Search code examples
apache-sparkpysparkregexp-replace

regexp_replace on PySpark used on two columns


I'd like to perform an atypical regexp_replace in PySpark based on two columns: I have in one attribute the address and in another one the city and I would like to use the city attribute to delete it from the address, when is present. I have written a function to do this:

df = spark.createDataFrame(
[
    (1, 'hügelstrasse 34, ansbach', 'ansbach'),
    (2, 'panton st. 2, london', 'london')
],
   ('id', 'address', 'city')
)

def dropCityAddress(street, city):

    new = regexp_replace(street, city, '')

    return(new)

df.withColumn('newaddress', dropCityAddress(col('address'), col('city')))

but the city object is not iterable. The desired output would be a new column without the city in the address (I am not interested in commas or other stuff, just deleting the city). I will perform this task on a big database, so a solution based on something like a collect action would not be suited for this problem.
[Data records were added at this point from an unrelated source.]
(* For u >= 0 and q < 1 we have exp_q(u) = e(u) := (1 + (1-q) u)^(1/(1-q)) and
   exp_(2-q)(-u) = 1/e(u).  The function e is nondecreasing and submultiplicative,
   e(u + v) <= e(u) e(v), so on the event {X_1 + ... + X_n >= n x} we get
   e(a n x) <= e(a (X_1 + ... + X_n)) <= prod_k e(a X_k) (a Chernoff-type bound),
   and independence turns the expectation of the product into A(a)^n.
   Independence is only available for events, so e(a X_k) is first replaced by
   a staircase function of mesh δ lying below it, i.e. a nonnegative combination
   of indicators of the events {X_k >= i δ}, for which the expectation of the
   product factorises.  This costs a factor e(a n δ), which tends to 1 with δ. *)

Section q_exponential.
Variables (R : realType) (q : R).
Hypothesis q_lt1 : q < 1.

Definition qexp (u : R) : R := (1 + (1 - q) * u) `^ (1 - q)^-1.

Lemma qexp_ge0 u : 0 <= qexp u.
Proof. exact: powR_ge0. Qed.

Lemma qexp0 : qexp 0 = 1.
Proof. by rewrite /qexp mulr0 addr0 powR1. Qed.

Let qexp_base_ge1 {u} : 0 <= u -> 1 <= 1 + (1 - q) * u.
Proof. by move=> u0; rewrite lerDl mulr_ge0 // subr_ge0 ltW. Qed.

Lemma qexp_le u v : 0 <= u -> u <= v -> qexp u <= qexp v.
Proof.
move=> u0 uv; have bu := qexp_base_ge1 u0.
have bv := qexp_base_ge1 (le_trans u0 uv).
apply: ge0_ler_powR; rewrite ?nnegrE ?invr_ge0 ?subr_ge0 ?(ltW q_lt1) //; [lra|lra|].
by rewrite lerD2l ler_wpM2l // subr_ge0 ltW.
Qed.

Lemma qexp_ge1 u : 0 <= u -> 1 <= qexp u.
Proof. by move=> u0; rewrite -qexp0 qexp_le. Qed.

Lemma qexpD_le u v : 0 <= u -> 0 <= v -> qexp (u + v) <= qexp u * qexp v.
Proof.
move=> u0 v0; have bu := qexp_base_ge1 u0; have bv := qexp_base_ge1 v0.
have buv := qexp_base_ge1 (addr_ge0 u0 v0).
rewrite /qexp -powRM; [|lra|lra].
apply: ge0_ler_powR; rewrite ?nnegrE ?invr_ge0 ?subr_ge0 ?(ltW q_lt1) //; [lra|nra|].
have : 0 <= (1 - q) * u * ((1 - q) * v) by rewrite !mulr_ge0 // subr_ge0 ltW.
rewrite mulrDl !mulrDr mul1r mulr1; lra.
Qed.

Lemma qexp_sum_le (I : Type) (s : seq I) (u : I -> R) :
  (forall i, 0 <= u i) -> qexp (\sum_(i <- s) u i) <= \prod_(i <- s) qexp (u i).
Proof.
move=> u0; elim: s => [|i s IH]; first by rewrite !big_nil qexp0.
rewrite !big_cons; apply: le_trans (qexpD_le (u0 i) (sumr_ge0 _ (fun j _ => u0 j))) _.
by rewrite ler_wpM2l ?qexp_ge0.
Qed.

Lemma qexp_onto_gt1 e : 1 < e -> exists2 u, 0 < u & qexp u = e.
Proof.
move=> e_gt1; have q1 : 0 < 1 - q by rewrite subr_gt0.
have ep_gt1 : 1 < e `^ (1 - q).
  have one_pow : (1 : R) = 1 `^ (1 - q) by rewrite powR1.
  by rewrite {1}one_pow gt0_ltr_powR // nnegrE; lra.
exists ((e `^ (1 - q) - 1) / (1 - q)); first by rewrite divr_gt0 // subr_gt0.
rewrite /qexp mulrC divfK ?gt_eqF // addrC subrK -powRrM mulfV ?gt_eqF //.
by rewrite powRr1 //; lra.
Qed.

Lemma mulr_qexp_le_shift (p B u : R) : 0 <= p -> 0 <= B -> 0 < u ->
  (forall v, 0 < v -> v <= u -> p * qexp (u - v) <= B) -> p * qexp u <= B.
Proof.
move=> p0 B0 u0 shift; apply/ler_addgt0Pr => e e0.
have e'_gt1 : 1 < 1 + e / (B + 1) by rewrite ltrDl divr_gt0 //; lra.
have [v0 v0_gt0 qexp_v0] := qexp_onto_gt1 e'_gt1.
pose v := Num.min u v0.
have v_gt0 : 0 < v by rewrite lt_min u0.
have vu : v <= u by rewrite /v ge_min lexx.
have qexp_v : qexp v <= 1 + e / (B + 1).
  by rewrite -qexp_v0 qexp_le ?(ltW v_gt0) // /v ge_min lexx orbT.
have split_u : qexp u <= qexp (u - v) * qexp v.
  by rewrite -{1}(subrK v u) qexpD_le ?subr_ge0 ?(ltW v_gt0).
apply: (@le_trans _ _ (B * (1 + e / (B + 1)))).
  apply: (le_trans (ler_wpM2l p0 split_u)); rewrite mulrA.
  apply: (@le_trans _ _ (B * qexp v)); first by rewrite ler_wpM2r ?qexp_ge0 ?shift.
  by rewrite ler_wpM2l.
have : B * (e / (B + 1)) <= e.
  by rewrite mulrA ler_pdivrMr; [rewrite mulrC ler_wpM2l; lra | lra].
lra.
Qed.

Lemma expqE u : 0 <= u -> expq q u = (qexp u)%:E.
Proof.
move=> u0; rewrite /expq /= ifT //.
exact: lt_le_trans ltr01 (qexp_base_ge1 u0).
Qed.

Lemma expq_dualE u : 0 <= u -> expq (2 - q) (- u) = ((qexp u)^-1)%:E.
Proof.
move=> u0; rewrite /expq /=.
have -> : 1 + (1 - (2 - q)) * - u = 1 + (1 - q) * u by ring.
rewrite ifT; last exact: lt_le_trans ltr01 (qexp_base_ge1 u0).
have -> : 1 - (2 - q) = - (1 - q) by ring.
by rewrite invrN powRN.
Qed.

End q_exponential.

Section staircase.
Variables (R : realType) (δ : R) (N : nat).
Hypothesis δ_gt0 : 0 < δ.

Definition stair (y : R) : R := (minn N (Num.truncn (y / δ)))%:R * δ.

Lemma stair_ge0 y : 0 <= stair y.
Proof. by rewrite mulr_ge0 // ltW. Qed.

Lemma stair_le y : 0 <= y -> stair y <= y.
Proof.
move=> y0; apply: (@le_trans _ _ ((Num.truncn (y / δ))%:R * δ)).
  by rewrite ler_wpM2r ?(ltW δ_gt0) // ler_nat geq_minr.
by rewrite -ler_pdivlMr // truncn_le divr_ge0 // ltW.
Qed.

(* Either some [Y k] is cut off at [N δ], which already exceeds [s], or every
   [stair (Y k)] is within [δ] of [Y k]. *)
Lemma sum_stair_ge (n : nat) (Y : 'I_n -> R) (s : R) :
  (forall k, 0 <= Y k) -> s < N%:R * δ -> s <= \sum_(k < n) Y k ->
  s - n%:R * δ <= \sum_(k < n) stair (Y k).
Proof.
move=> Y0 sN sY.
have nδ0 : 0 <= n%:R * δ by rewrite mulr_ge0 // ltW.
have [[k Nk]|Nlt] := pselect (exists k, (N <= Num.truncn (Y k / δ))%N).
  rewrite (bigD1 k) //=.
  have -> : stair (Y k) = N%:R * δ by rewrite /stair (minn_idPl Nk).
  have : 0 <= \sum_(j < n | j != k) stair (Y j) by apply: sumr_ge0 => j _; exact: stair_ge0.
  lra.
have stairY k : Y k - δ <= stair (Y k).
  have kN : (Num.truncn (Y k / δ) < N)%N.
    by rewrite ltnNge; apply/negP => Nk; apply: Nlt; exists k.
  rewrite /stair (minn_idPr (ltnW kN)).
  have := truncnS_gt (Y k / δ); rewrite ltr_pdivrMr // -natr1 mulrDl mul1r; lra.
apply: le_trans (ler_sum _ (fun k _ => stairY k)).
rewrite sumrB sumr_const card_ord -mulr_natl; lra.
Qed.

Definition stair_incr (f : R -> R) (i : nat) : R :=
  f (i%:R * δ) - (if i is j.+1 then f (j%:R * δ) else 0).

Lemma stair_incr_ge0 (f : R -> R) i :
  (forall u v, 0 <= u -> u <= v -> f u <= f v) -> 0 <= f 0 -> 0 <= stair_incr f i.
Proof.
move=> f_mono f0; case: i => [|i]; first by rewrite /stair_incr mul0r subr0.
rewrite /stair_incr subr_ge0 f_mono ?mulr_ge0 ?(ltW δ_gt0) //.
by rewrite ler_wpM2r ?(ltW δ_gt0) // ler_nat.
Qed.

Lemma sum_stair_incr (f : R -> R) m : \sum_(i < m.+1) stair_incr f i = f (m%:R * δ).
Proof.
elim: m => [|m IH]; first by rewrite big_ord1 /stair_incr subr0.
by rewrite big_ord_recr /= IH /stair_incr addrC subrK.
Qed.

Lemma stair_indicE (f : R -> R) y : 0 <= y ->
  f (stair y) = \sum_(i < N.+1) stair_incr f i * \1_[set z | i%:R * δ <= z] y.
Proof.
move=> y0; set J := minn N (Num.truncn (y / δ)).
have indicJ (i : 'I_N.+1) : \1_[set z | i%:R * δ <= z] y = (i <= J)%N%:R :> R.
  rewrite indicE /J leq_min -ltnS ltn_ord /= truncn_ge_nat ?divr_ge0 ?(ltW δ_gt0) //.
  rewrite ler_pdivlMr // (_ : y \in _ = (i%:R * δ <= y)) //.
  by apply/idP/idP => [/set_mem|/mem_set].
rewrite (eq_bigr (fun i : 'I_N.+1 => if (i < J.+1)%N then stair_incr f i else 0)).
  by rewrite -big_mkcond -(big_ord_widen _ (stair_incr f)) ?ltnS ?geq_minl // sum_stair_incr.
by move=> i _; rewrite indicJ ltnS; case: (_ <= _)%N; rewrite ?mulr1 ?mulr0.
Qed.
Is there a way to perform this task?


Solution

  • Check below code.

    df.withColumn("newaddress",expr("regexp_replace(address,city,'')")).show(false)
    
    +---+------------------------+-------+-----------------+
    |id |address                 |city   |newaddress       |
    +---+------------------------+-------+-----------------+
    |1  |hügelstrasse 34, ansbach|ansbach|hügelstrasse 34, |
    |2  |panton st. 2, london    |london |panton st. 2,    |
    +---+------------------------+-------+-----------------+